"""

(* For a vertex v let P_v be the monomial prime generated by the variables x_j,
   j in the closed neighbourhood N[v].  A polynomial lies in P_v^k iff each of
   its monomials has degree at least k in these variables (adeg_ge).  The proof:
   - Valuation: over a domain the A-order of polynomials is additive, so each
     P_A is prime and the colon (P_A^k : f) is P_A whenever f is not in P_A^k.
   - Powers: for any graph DI^k lies in the symbolic power  /\_v P_v^k, since
     minimal dominating sets meet every N[v].  On a forest the converse holds:
     a monomial of N[v]-degree >= k for all v splits into k dominating sets.
     This is a colouring lemma proved by removing a vertex with at most one
     neighbour, which exists in every nonempty vertex set of a forest.
   - Associated primes: if P = (DI^k : f) is prime, P contains the variables of
     some N[v0] with f not in P_v0^k; taking N[v] inclusion-minimal inside N[v0]
     gives P = P_v, and P_v = (DI : product of the variables outside N[v]). *)

Lemma walk_path (T : Type) (e : rel T) (w : nat -> T) :
  (forall i, e (w i) (w i.+1)) -> forall m i, path e (w i) (map w (iota i.+1 m)).
Proof. by move=> we; elim=> [|m IH] i //=; rewrite we IH. Qed.
(* Let $Q$ be a finite poset, $X_Q$ its cube complex, and let $C(I_i,M_i)$ and $C(I_{i+1},M_{i+1})$ be consecutive cubes $P_i, P_{i+1}$ of a valid cube sequence in $X_Q$. Then every maximal cube of the interval $X[P_i,P_{i+1}]$ contains the vertex corresponding to the order ideal $I_i$.
   Context: For a finite poset $Q$, $X_Q$ is the cube complex whose vertices are the order ideals of $Q$ and with a cube $C(I,M)$ for each order ideal $I$ and subset $M$ of the set of maximal elements of $I$, whose vertices are $I\setminus S$, $S\subseteq M$. A valid cube sequence is a sequence of cubes $C(I_1,M_1),\dots,C(I_k,M_k)$ of $X_Q$ such that (a) $I_1\subset\cdots\subset I_k=Q$; (b) $I_1=M_1$ and $I_j\setminus I_{j-1}\subseteq M_j$ for $1<j\le k$; (c) each $M_j$ is a maximal antichain of $Q$. For cubes $C,D$, the interval $X[C,D]$ is the subcomplex consisting of all cubes all of whose vertices lie on at least one edge geodesic (shortest path along edges) between a vertex of $C$ and a vertex of $D$. *)

From mathcomp Require Import all_boot all_order.
Set Implicit Arguments. Unset Strict Implicit. Unset Printing Implicit Defensive.
Import Order.Theory.
Local Open Scope order_scope.

Section CubeComplex.
Variables (d : Order.disp_t) (Q : finPOrderType d).

Definition order_ideal (I : {set Q}) : bool :=
  [forall x, forall y, ((y <= x) && (x \in I)) ==> (y \in I)].

Definition maxel (I : {set Q}) : {set Q} :=
  [set x in I | [forall y in I, ~~ (x < y)]].

Definition antichain (A : {set Q}) : bool :=
  [forall x in A, forall y in A, (x >=< y) ==> (x == y)].

Definition max_antichain (A : {set Q}) : Prop :=
  antichain A /\ forall B : {set Q}, antichain B -> A \subset B -> B = A.

(* a cube C(I,M) is encoded as the pair (I,M) *)
Definition cube := ({set Q} * {set Q})%type.

Definition is_cube (c : cube) : bool := order_ideal c.1 && (c.2 \subset maxel c.1).

Definition cube_vertices (c : cube) : {set {set Q}} :=
  [set c.1 :\: S | S in powerset c.2].

Definition adj : rel {set Q} := fun J J' =>
  [exists c : cube, [&& is_cube c, #|c.2| == 1%N & cube_vertices c == [set J; J']]
                    && (J != J')].

Definition epath (u : {set Q}) (p : seq {set Q}) (v : {set Q}) : Prop :=
  path adj u p /\ last u p = v.

Definition geodesic (u : {set Q}) (p : seq {set Q}) (v : {set Q}) : Prop :=
  epath u p v /\ forall q, epath u q v -> (size p <= size q)%N.

Definition on_geodesic (x u v : {set Q}) : Prop :=
  exists p, geodesic u p v /\ x \in u :: p.

Definition in_interval (C D E : cube) : Prop :=
  is_cube E /\
  forall x, x \in cube_vertices E ->
    exists a b, [/\ a \in cube_vertices C, b \in cube_vertices D & on_geodesic x a b].

(* a maximal cube of X[C,D] (cubes ordered by inclusion, i.e. being a face) *)
Definition maximal_in_interval (C D E : cube) : Prop :=
  in_interval C D E /\
  forall E', in_interval C D E' -> cube_vertices E \subset cube_vertices E' ->
    cube_vertices E' = cube_vertices E.

(* valid cube sequence C(I_1,M_1),...,C(I_k,M_k), stored 0-indexed *)
Definition valid_cube_seq (s : seq cube) : Prop :=
  let I j := (nth (set0, set0) s j).1 in
  let M j := (nth (set0, set0) s j).2 in
  [/\ (0 < size s)%N,
      all is_cube s,
      (* (a) *) sorted (fun A B : {set Q} => A \proper B) (map fst s)
                /\ I (size s).-1 = [set: Q],
      (* (b) *) I 0 = M 0 /\ (forall j, (0 < j < size s)%N -> I j :\: I j.-1 \subset M j)
    & (* (c) *) forall j, (j < size s)%N -> max_antichain (M j)].

End CubeComplex.

From mathcomp Require Import all_boot all_order.
From mathcomp Require Import zify.
Set Implicit Arguments. Unset Strict Implicit. Unset Printing Implicit Defensive.
Import Order.Theory.

(* Vertices of X_Q are order ideals and an edge adds or removes one element, so the
   edge distance between ideals is the size of their symmetric difference, and an
   ideal x lies on a geodesic from a to b iff a :&: b \subset x \subset a :|: b.
   For nested cubes C(A, M), C(B, N) this makes C(J, K) lie in the interval iff
   J \subset B and A :\: (M :|: N) \subset J :\: K.  Such a cube can always be
   enlarged to C(J :|: A, K :|: symdiff J A) inside the interval (the hypothesis
   B :\: A \subset N keeps the new directions maximal), so a maximal cube coincides
   with its enlargement, one of whose vertices is A. *)

Lemma ex_minimal (T : finType) (r : rel T) (S : {set T}) :
  transitive r -> irreflexive r -> S != set0 ->
  exists2 m, m \in S & forall y, y \in S -> ~~ r y m.
Proof.
move=> rtr rirr /set0Pn [x0 x0S].
have [m mS minm] := arg_minnP (fun z => #|[set y | r y z]|) x0S.
exists m => // y yS; apply/negP => rym.
have := minm y yS; rewrite leqNgt => /negP; apply.
apply: proper_card; apply/properP; split.
  by apply/subsetP => z; rewrite !inE => rzy; exact: rtr rzy rym.
by exists y; rewrite !inE ?rym ?rirr.
Qed.

Section SymmetricDifference.
Variable T : finType.
Implicit Types (a b u v w x : {set T}).

Definition symdiff u v := (u :\: v) :|: (v :\: u).

Definition between a x b := (a :&: b \subset x) && (x \subset a :|: b).

Lemma symdiff_eq0 u v : (symdiff u v == set0) = (u == v).
Proof.
apply/eqP/eqP => [/setP E | ->]; last by rewrite /symdiff setDv setU0.
by apply/setP => y; move: (E y); rewrite !inE; case: (y \in u); case: (y \in v).
Qed.

Lemma symdiff_triangle u v w : #|symdiff u w| <= #|symdiff u v| + #|symdiff v w|.
Proof.
apply: leq_trans (leq_card_setU _ _); apply: subset_leq_card.
by apply/subsetP => y; rewrite !inE; case: (y \in u); case: (y \in v); case: (y \in w).
Qed.

Lemma symdiff_betweenE a x b :
  (symdiff a x :&: symdiff x b == set0) = between a x b.
Proof.
apply/eqP/andP => [E | [/subsetP lo /subsetP hi]].
  split; apply/subsetP => y; move/setP/(_ y): E; rewrite !inE;
    by case: (y \in a); case: (y \in b); case: (y \in x).
apply/setP => y; move: (lo y) (hi y); rewrite !inE => /implyP + /implyP.
by case: (y \in a); case: (y \in b); case: (y \in x).
Qed.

"""

EXERCISE OBJECTIVE: Every line above should be transcribed exactly.

ANSWER BOX:
(* For a vertex v let P_v be the monomial prime generated by the variables x_j,
   j in the closed neighbourhood N[v].  A polynomial lies in P_v^k iff each of
   its monomials has degree at least k in these variables (adeg_ge).  The proof:
   - Valuation: over a domain the A-order of polynomials is additive, so each
     P_A is prime and the colon (P_A^k : f) is P_A whenever f is not in P_A^k.
   - Powers: for any graph DI^k lies in the symbolic power  /\_v P_v^k, since
     minimal dominating sets meet every N[v].  On a forest the converse holds:
     a monomial of N[v]-degree >= k for all v splits into k dominating sets.
     This is a colouring lemma proved by removing a vertex with at most one
     neighbour, which exists in every nonempty vertex set of a forest.
   - Associated primes: if P = (DI^k : f) is prime, P contains the variables of
     some N[v0] with f not in P_v0^k; taking N[v] inclusion-minimal inside N[v0]
     gives P = P_v, and P_v = (DI : product of the variables outside N[v]). *)

Lemma walk_path (T : Type) (e : rel T) (w : nat -> T) :
  (forall i, e (w i) (w i.+1)) -> forall m i, path e (w i) (map w (iota i.+1 m)).
Proof. by move=> we; elim=> [|m IH] i //=; rewrite we IH. Qed.
(* Let $Q$ be a finite poset, $X_Q$ its cube complex, and let $C(I_i,M_i)$ and $C(I_{i+1},M_{i+1})$ be consecutive cubes $P_i, P_{i+1}$ of a valid cube sequence in $X_Q$. Then every maximal cube of the interval $X[P_i,P_{i+1}]$ contains the vertex corresponding to the order ideal $I_i$.
   Context: For a finite poset $Q$, $X_Q$ is the cube complex whose vertices are the order ideals of $Q$ and with a cube $C(I,M)$ for each order ideal $I$ and subset $M$ of the set of maximal elements of $I$, whose vertices are $I\setminus S$, $S\subseteq M$. A valid cube sequence is a sequence of cubes $C(I_1,M_1),\dots,C(I_k,M_k)$ of $X_Q$ such that (a) $I_1\subset\cdots\subset I_k=Q$; (b) $I_1=M_1$ and $I_j\setminus I_{j-1}\subseteq M_j$ for $1<j\le k$; (c) each $M_j$ is a maximal antichain of $Q$. For cubes $C,D$, the interval $X[C,D]$ is the subcomplex consisting of all cubes all of whose vertices lie on at least one edge geodesic (shortest path along edges) between a vertex of $C$ and a vertex of $D$. *)

From mathcomp Require Import all_boot all_order.
Set Implicit Arguments. Unset Strict Implicit. Unset Printing Implicit Defensive.
Import Order.Theory.
Local Open Scope order_scope.

Section CubeComplex.
Variables (d : Order.disp_t) (Q : finPOrderType d).

Definition order_ideal (I : {set Q}) : bool :=
  [forall x, forall y, ((y <= x) && (x \in I)) ==> (y \in I)].

Definition maxel (I : {set Q}) : {set Q} :=
  [set x in I | [forall y in I, ~~ (x < y)]].

Definition antichain (A : {set Q}) : bool :=
  [forall x in A, forall y in A, (x >=< y) ==> (x == y)].

Definition max_antichain (A : {set Q}) : Prop :=
  antichain A /\ forall B : {set Q}, antichain B -> A \subset B -> B = A.

(* a cube C(I,M) is encoded as the pair (I,M) *)
Definition cube := ({set Q} * {set Q})%type.

Definition is_cube (c : cube) : bool := order_ideal c.1 && (c.2 \subset maxel c.1).

Definition cube_vertices (c : cube) : {set {set Q}} :=
  [set c.1 :\: S | S in powerset c.2].

Definition adj : rel {set Q} := fun J J' =>
  [exists c : cube, [&& is_cube c, #|c.2| == 1%N & cube_vertices c == [set J; J']]
                    && (J != J')].

Definition epath (u : {set Q}) (p : seq {set Q}) (v : {set Q}) : Prop :=
  path adj u p /\ last u p = v.

Definition geodesic (u : {set Q}) (p : seq {set Q}) (v : {set Q}) : Prop :=
  epath u p v /\ forall q, epath u q v -> (size p <= size q)%N.

Definition on_geodesic (x u v : {set Q}) : Prop :=
  exists p, geodesic u p v /\ x \in u :: p.

Definition in_interval (C D E : cube) : Prop :=
  is_cube E /\
  forall x, x \in cube_vertices E ->
    exists a b, [/\ a \in cube_vertices C, b \in cube_vertices D & on_geodesic x a b].

(* a maximal cube of X[C,D] (cubes ordered by inclusion, i.e. being a face) *)
Definition maximal_in_interval (C D E : cube) : Prop :=
  in_interval C D E /\
  forall E', in_interval C D E' -> cube_vertices E \subset cube_vertices E' ->
    cube_vertices E' = cube_vertices E.

(* valid cube sequence C(I_1,M_1),...,C(I_k,M_k), stored 0-indexed *)
Definition valid_cube_seq (s : seq cube) : Prop :=
  let I j := (nth (set0, set0) s j).1 in
  let M j := (nth (set0, set0) s j).2 in
  [/\ (0 < size s)%N,
      all is_cube s,
      (* (a) *) sorted (fun A B : {set Q} => A \proper B) (map fst s)
                /\ I (size s).-1 = [set: Q],
      (* (b) *) I 0 = M 0 /\ (forall j, (0 < j < size s)%N -> I j :\: I j.-1 \subset M j)
    & (* (c) *) forall j, (j < size s)%N -> max_antichain (M j)].

End CubeComplex.

From mathcomp Require Import all_boot all_order.
From mathcomp Require Import zify.
Set Implicit Arguments. Unset Strict Implicit. Unset Printing Implicit Defensive.
Import Order.Theory.

(* Vertices of X_Q are order ideals and an edge adds or removes one element, so the
   edge distance between ideals is the size of their symmetric difference, and an
   ideal x lies on a geodesic from a to b iff a :&: b \subset x \subset a :|: b.
   For nested cubes C(A, M), C(B, N) this makes C(J, K) lie in the interval iff
   J \subset B and A :\: (M :|: N) \subset J :\: K.  Such a cube can always be
   enlarged to C(J :|: A, K :|: symdiff J A) inside the interval (the hypothesis
   B :\: A \subset N keeps the new directions maximal), so a maximal cube coincides
   with its enlargement, one of whose vertices is A. *)

Lemma ex_minimal (T : finType) (r : rel T) (S : {set T}) :
  transitive r -> irreflexive r -> S != set0 ->
  exists2 m, m \in S & forall y, y \in S -> ~~ r y m.
Proof.
move=> rtr rirr /set0Pn [x0 x0S].
have [m mS minm] := arg_minnP (fun z => #|[set y | r y z]|) x0S.
exists m => // y yS; apply/negP => rym.
have := minm y yS; rewrite leqNgt => /negP; apply.
apply: proper_card; apply/properP; split.
  by apply/subsetP => z; rewrite !inE => rzy; exact: rtr rzy rym.
by exists y; rewrite !inE ?rym ?rirr.
Qed.

Section SymmetricDifference.
Variable T : finType.
Implicit Types (a b u v w x : {set T}).

Definition symdiff u v := (u :\: v) :|: (v :\: u).

Definition between a x b := (a :&: b \subset x) && (x \subset a :|: b).

Lemma symdiff_eq0 u v : (symdiff u v == set0) = (u == v).
Proof.
apply/eqP/eqP => [/setP E | ->]; last by rewrite /symdiff setDv setU0.
by apply/setP => y; move: (E y); rewrite !inE; case: (y \in u); case: (y \in v).
Qed.

Lemma symdiff_triangle u v w : #|symdiff u w| <= #|symdiff u v| + #|symdiff v w|.
Proof.
apply: leq_trans (leq_card_setU _ _); apply: subset_leq_card.
by apply/subsetP => y; rewrite !inE; case: (y \in u); case: (y \in v); case: (y \in w).
Qed.

Lemma symdiff_betweenE a x b :
  (symdiff a x :&: symdiff x b == set0) = between a x b.
Proof.
apply/eqP/andP => [E | [/subsetP lo /subsetP hi]].
  split; apply/subsetP => y; move/setP/(_ y): E; rewrite !inE;
    by case: (y \in a); case: (y \in b); case: (y \in x).
apply/setP => y; move: (lo y) (hi y); rewrite !inE => /implyP + /implyP.
by case: (y \in a); case: (y \in b); case: (y \in x).
Qed.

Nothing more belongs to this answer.